Безопасность
«Я рядом с тобою молчу и робею.
Как счастлива та, что щебечет в саду!
Но я заслоню тебя, если успею,
Я злую беду от тебя отведу…»
(Из сценария мюзикла «Тень». Песня Аннунциаты «Я словно бреду…»».
Автор сценария и песен - Ирина Югансон).
Поначалу есть хотелось не слишком. Даже наоборот, мысль о подобном вызывала тошноту. Но с болезнью и постельным режимом пора было заканчивать. А для этого – убедить личного лечащего врача, и свой собственный организм в том, что он уже идет на поправку. Поэтому, проснувшись в очередной раз, Штольман охотно согласился с необходимостью пообедать. Обрадованная Анна отправилась за угощением для пациента, а он же медленно, зато полностью самостоятельно сел, подпихнув под спину подушки.
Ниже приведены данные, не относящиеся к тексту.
(* Assume the Continuum Hypothesis. Then there is a productively Baire space $X$ such that \textsc{Bob} has no winning strategy in $\mathsf{BM}_\mathrm{fin}(X)$.
   Context: A Baire space is a space in which countable intersections of dense open sets are dense; a Baire space $X$ is productively Baire if $X\times Y$ is Baire for every Baire space $Y$. The game $\mathsf{BM}_\mathrm{fin}(X)$: \textsc{Alice} plays a non-empty open set $A_0$; \textsc{Bob} plays a finite collection $\mathcal{B}_0$ of non-empty open subsets of $A_0$; in inning $n+1$, for each $B \in \mathcal{B}_n$ \textsc{Alice} plays a non-empty open set $A_B \subseteq B$, letting $\mathcal{A}_{n+1}=\{A_B : B\in\mathcal{B}_n\}$, and \textsc{Bob} plays a finite collection $\mathcal{B}_{n+1}$ of non-empty open subsets of $\bigcup\mathcal{A}_{n+1}$; \textsc{Bob} wins if $\bigcap_{n}\bigcup\mathcal{B}_n\neq\emptyset$, otherwise \textsc{Alice} wins. *)

From HB Require Import structures.
From mathcomp Require Import all_boot all_order.
From mathcomp Require Import boolp classical_sets functions cardinality.
From mathcomp Require Import topology.
Set Implicit Arguments. Unset Strict Implicit. Unset Printing Implicit Defensive.
Local Open Scope classical_set_scope.
Local Open Scope card_scope.

Definition CH : Prop :=
  forall A : set (set nat), countable A \/ A #= [set: set nat].

Definition baire_space (X : topologicalType) : Prop :=
  forall F : nat -> set X, (forall n, open (F n) /\ dense (F n)) ->
    dense (\bigcap_n F n).

Definition productively_baire (X : topologicalType) : Prop :=
  baire_space X /\
  forall Y : topologicalType, baire_space Y -> baire_space (X * Y)%type.

(* Alice's move in inning n is a function a_n : set X -> set X, B |-> A_B,
   defined on Bob's previous collection B_{n-1}; the value is set0 outside it.
   For inning 0 we use the convention B_{-1} = {X}, so Alice's first move
   is A_0 := a_0 setT.  Then A_n = a_n @` B_{n-1}. *)
Definition alice_legal (X : topologicalType) (prevB : set (set X))
    (a : set X -> set X) : Prop :=
  forall B : set X,
    (prevB B -> open (a B) /\ a B !=set0 /\ a B `<=` B) /\
    (~ prevB B -> a B = set0).

Definition bob_legal (X : topologicalType) (prevB : set (set X))
    (a : set X -> set X) (Bs : set (set X)) : Prop :=
  finite_set Bs /\
  forall B : set X, Bs B ->
    open B /\ B !=set0 /\ B `<=` \bigcup_(C in prevB) a C.

(* A strategy for Bob maps the list of Alice's moves so far
   [:: a_0; ...; a_n] to Bob's collection B_n (Bob's own earlier moves
   are determined by the strategy). *)
Definition bob_strategy (X : topologicalType) :=
  seq (set X -> set X) -> set (set X).

Definition bob_move (X : topologicalType) (s : bob_strategy X)
    (a : nat -> (set X -> set X)) (n : nat) : set (set X) :=
  s (mkseq a n.+1).

Definition prev_bob (X : topologicalType) (s : bob_strategy X)
    (a : nat -> (set X -> set X)) (n : nat) : set (set X) :=
  if n is m.+1 then bob_move s a m else [set setT].

Definition bob_winning (X : topologicalType) (s : bob_strategy X) : Prop :=
  forall a : nat -> (set X -> set X),
    (forall n, (forall k, (k <= n)%N -> alice_legal (prev_bob s a k) (a k)) ->
       bob_legal (prev_bob s a n) (a n) (bob_move s a n)) /\
    ((forall n, alice_legal (prev_bob s a n) (a n)) ->
       \bigcap_n (\bigcup_(B in bob_move s a n) B) !=set0).

Definition bob_has_winning_strategy (X : topologicalType) : Prop :=
  exists s : bob_strategy X, bob_winning s.

From HB Require Import structures.
From mathcomp Require Import finmap all_boot all_order.
From mathcomp Require Import boolp classical_sets functions cardinality.
From mathcomp Require Import topology wochoice.
Set Implicit Arguments. Unset Strict Implicit. Unset Printing Implicit Defensive.
Local Open Scope classical_set_scope.
Local Open Scope card_scope.

(** Work inside the Cantor space 2^omega, with points [nat -> bool] and basic
   clopen sets the cylinders [cyl s] of finite codes [s].  Under CH, an
   omega_1-long recursion builds a set P = {x_alpha} with two properties: P
   meets every dense G_delta of every cylinder, and for every Bob-strategy tau
   of a coded version of BM_fin (Bob plays finite lists of codes, Alice extends
   each code by one bit) there are points e_n such that the outcome of the play
   in which Alice branches off e_n at inning n misses P.  At stage alpha the
   points e_n enumerate a countable dense set together with all earlier
   x_beta, so the outcome K_alpha is nowhere dense and misses them; a fusion
   argument then picks x_alpha in the prescribed G_delta outside K_alpha and
   all earlier K_beta.
   The first property makes the subspace P Baire, and since P has a countable
   pi-base, P x Y is Baire whenever Y is.  A strategy of Bob in BM_fin(P) is
   shadowed by a coded strategy (shrink each of Bob's sets to a cylinder
   inside it); playing against it the e_n given by the second property, Alice
   confines the game to the outcome set, which misses P. *)

(** * The Cantor space *)

Definition cyl (s : seq bool) : set (nat -> bool) := [set y | mkseq y (size s) = s].

Definition dense_codes (O : set (seq bool)) := forall s, exists2 t, prefix s t & O t.

Definition cantor_nwd (K : set (nat -> bool)) :=
  dense_codes [set t | forall y, cyl t y -> ~ K y].

Definition gdelta (O : nat -> set (seq bool)) : set (nat -> bool) :=
  [set y | forall n, exists2 s, O n s & cyl s y].

Lemma take_mkseq (T : Type) (f : nat -> T) k n :
  take k (mkseq f n) = mkseq f (minn k n).
Proof. by rewrite /mkseq -map_take take_iota. Qed.

Lemma prefix_size (T : eqType) (s t : seq T) : prefix s t -> size s <= size t.
Proof. by case/prefixP => r ->; rewrite size_cat leq_addr. Qed.

Lemma nth_prefix (T : eqType) (x0 : T) (s t : seq T) i :
  prefix s t -> i < size s -> nth x0 t i = nth x0 s i.
Proof. by case/prefixP => r -> lt_i; rewrite nth_cat lt_i. Qed.

Lemma cyl_mkseq y n : cyl (mkseq y n) y.
Proof. by rewrite /cyl size_mkseq. Qed.

Lemma cyl_nth s : cyl s (nth false s).
Proof. exact: mkseq_nth. Qed.

Lemma cylE s y : cyl s y <-> forall i, i < size s -> y i = nth false s i.
Proof.
split=> [ys i lt_i | ys]; first by rewrite -[in RHS]ys nth_mkseq.
by apply: (@eq_from_nth _ false); rewrite size_mkseq // => i lt_i; rewrite nth_mkseq ?ys.
Qed.

Lemma cyl_prefix s t : prefix s t -> cyl t `<=` cyl s.
Proof.
move=> st y yt; have /minn_idPl st_size := prefix_size st.
by rewrite /cyl /= -{1}st_size -(take_mkseq y) yt; apply/eqP; rewrite -prefixE.
Qed.

Lemma prefix_mkseq s y n : cyl s y -> size s <= n -> prefix s (mkseq y n).
Proof. by move=> ys /minn_idPl sn; rewrite prefixE (take_mkseq y) sn ys. Qed.

Definition branch_off (p : nat -> bool) (s : seq bool) := rcons s (~~ p (size s)).

Lemma not_cyl_branch_off p s : ~ cyl (branch_off p s) p.
Proof.
move=> /cylE /(_ (size s)); rewrite size_rcons nth_rcons ltnn eqxx => /(_ (ltnSn _)).
by case: (p (size s)).
Qed.

Definition play_set (c : nat -> seq (seq bool)) : set (nat -> bool) :=
  [set y | forall n, exists2 t, t \in c n & cyl t y].

Lemma play_set_nwd c : (forall s, ~ play_set c (nth false s)) -> cantor_nwd (play_set c).
Proof.
move=> avoid s; have /existsNP[n cn] := avoid s.
pose w := mkseq (nth false s) (maxn (\max_(t <- c n) size t) (size s)).
exists w; first by apply: prefix_mkseq; [exact: cyl_nth | exact: leq_maxr].
move=> y yw /(_ n)[t tc ty]; apply: cn; exists t => //.
apply: (@cyl_prefix t w); last exact: cyl_mkseq.
rewrite -(yw : mkseq y (size w) = w); apply: prefix_mkseq => //.
by rewrite size_mkseq (leq_trans _ (leq_maxl _ _)) // (@leq_bigmax_seq _ _ xpredT size).
Qed.

(** Bob's lists in [code_history] play the role of his collections, the first
   list [tau [::]] standing for the collection {X}; Alice answers each code
   by a one-bit extension that branches off the point [e n]. *)
Definition code_strategy := seq (seq (seq bool)) -> seq (seq bool).

Fixpoint code_history (tau : code_strategy) (e : nat -> nat -> bool) n :=
  if n is m.+1 then
    let h := code_history tau e m in rcons h (map (branch_off (e m)) (tau h))
  else [::].

Definition counterplay tau e n := last [::] (code_history tau e n.+1).

Lemma code_historyE tau e n : code_history tau e n = mkseq (counterplay tau e) n.
Proof. by elim: n => //= n IH; rewrite mkseqS -IH /counterplay /= last_rcons. Qed.

Lemma counterplayE tau e n :
  counterplay tau e n = map (branch_off (e n)) (tau (mkseq (counterplay tau e) n)).
Proof. by rewrite /counterplay /= last_rcons code_historyE. Qed.

Lemma counterplay_avoid tau e n : ~ play_set (counterplay tau e) (e n).
Proof.
case/(_ n) => t; rewrite counterplayE => /mapP[s _ ->]; exact: not_cyl_branch_off.
Qed.

Lemma cyl_limit (w : nat -> seq bool) :
    (forall n, prefix (w n) (w n.+1)) -> (forall n, size (w n) < size (w n.+1)) ->
  forall n, cyl (w n) (fun i => nth false (w i.+1) i).
Proof.
move=> wS sizeS n; apply/cylE => i lt_i.
have w_mono := homo_leq (@prefix_refl _) (@prefix_trans _) wS.
have size_w k : k <= size (w k) by elim: k => // k IH; apply: leq_ltn_trans (sizeS k).
have lt_i1 : i < size (w i.+1) by apply: size_w.
pose m := maxn n i.+1.
rewrite -(@nth_prefix _ _ _ (w m)) ?w_mono ?leq_maxr //.
by rewrite (@nth_prefix _ _ (w n)) ?w_mono ?leq_maxl.
Qed.

Lemma dense_codes_choice (O : nat -> set (seq bool)) : (forall n, dense_codes (O n)) ->
  exists f : nat -> seq bool -> seq bool, forall n s, prefix s (f n s) /\ O n (f n s).
Proof.
move=> dO; have : forall ns : nat * seq bool, exists t, prefix ns.2 t /\ O ns.1 t.
  by case=> n s; have [t] := dO n s; exists t.
by case/choice => f fP; exists (fun n s => f (n, s)) => n s; apply: fP (n, s).
Qed.

Lemma fusion u (O : nat -> set (seq bool)) (K : nat -> set (nat -> bool)) :
    (forall n, dense_codes (O n)) -> (forall k, cantor_nwd (K k)) ->
  exists y, [/\ cyl u y, gdelta O y & forall k, ~ K k y].
Proof.
move=> dO nwdK.
have [enter enterP] := dense_codes_choice dO.
have [escape escapeP] := dense_codes_choice nwdK.
pose fix w n := if n is m.+1 then rcons (escape m (enter m (w m))) false else u.
have wS n : prefix (w n) (w n.+1).
  apply: prefix_trans (prefix_rcons _ _).
  exact: prefix_trans (enterP n _).1 (escapeP n _).1.
have sizeS n : size (w n) < size (w n.+1).
  by rewrite /= size_rcons ltnS prefix_size // (prefix_trans (enterP n _).1 (escapeP n _).1).
have wy := cyl_limit wS sizeS; exists (fun i => nth false (w i.+1) i); split.
- exact: (wy 0).
- move=> n; exists (enter n (w n)); first exact: (enterP n _).2.
  apply: cyl_prefix (wy n.+1); rewrite /=.
  exact: prefix_trans (escapeP n _).1 (prefix_rcons _ _).
- move=> k; apply: (escapeP k (enter k (w k))).2.
  by apply: cyl_prefix (wy k.+1); rewrite /= prefix_rcons.
Qed.

(** * Well-orders and the Continuum Hypothesis *)

Section WellOrder.
Variables (T : eqType) (R : rel T).
Hypothesis R_wo : well_order R.

Let R_chain : wo_chain R predT. Proof. by move=> A _; apply: R_wo. Qed.

Lemma wo_total : total R.
Proof. by move=> a b; apply: (wo_chainW R_chain). Qed.

Lemma wo_antisym : antisymmetric R.
Proof. by move=> a b; apply: (wo_chain_antisymmetric R_chain). Qed.

Lemma wo_min (A : set T) : A !=set0 -> exists2 z, A z & forall x, A x -> R z x.
Proof.
case=> x Ax; have neA : nonempty [pred y | `[< A y >]] by exists x; rewrite inE.
have [z [[zA zmin] _]] := R_wo neA.
by exists z => [|y Ay]; [move: zA | apply: zmin]; rewrite inE.
Qed.

Definition wo_lt b a := R b a /\ b <> a.

Lemma wo_min_lt (A : set T) z : (forall x, A x -> R z x) -> forall b, wo_lt b z -> ~ A b.
Proof. by move=> zmin b [bz nbz] Ab; apply: nbz; apply: wo_antisym; rewrite bz zmin. Qed.

Lemma wo_lt_wf : well_founded wo_lt.
Proof.
move=> a; apply: contrapT => na.
have [|z zA zmin] := @wo_min [set x | ~ Acc wo_lt x]; first by exists a.
by apply: zA; constructor => b /(wo_min_lt zmin) /contrapT.
Qed.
Привалившись к ним, постарался выровнять дыхание. Прислушался к себе. В голове не звенит, затылок не ломит. Слабость есть, чего скрывать, но возможно, это именно от голода? Ну уж умереть от этого ему сегодня точно не дадут.
Подтверждая его умозаключения, в комнату вошла Анна с подносом в руках. От стоявшей на нем тарелки исходил столь сильный и аппетитный аромат, что вся недавняя неприязнь к еде улетучилась окончательно. Сыщик сглотнул, хищно сверкнув глазами.
- Вот теперь вижу, что вам и правда, лучше, - не смогла сдержать улыбки Анна.
Штольман ел, а она сидела рядом, не в силах отвести взгляд. Господи, как хорошо! Любимый человек жив, и почти здоров. Не хотелось сейчас думать ни про Тени, ни про Крутина. Просто радоваться, что вот они с Яковом вместе, и очередная беда не смогла их одолеть. А все грядущие неприятности… Ну пусть они немножко подождут!
… Аня смотрит на него с видом совершенно просветленным. Хотя что может быть привлекательного в зрелище личности небритой и помятой, поедающей куриный бульон? Вкусным, кстати, оказался не только запах, хотя Штольман редко обращал внимание на такие мелочи. Съедобно – и ладно.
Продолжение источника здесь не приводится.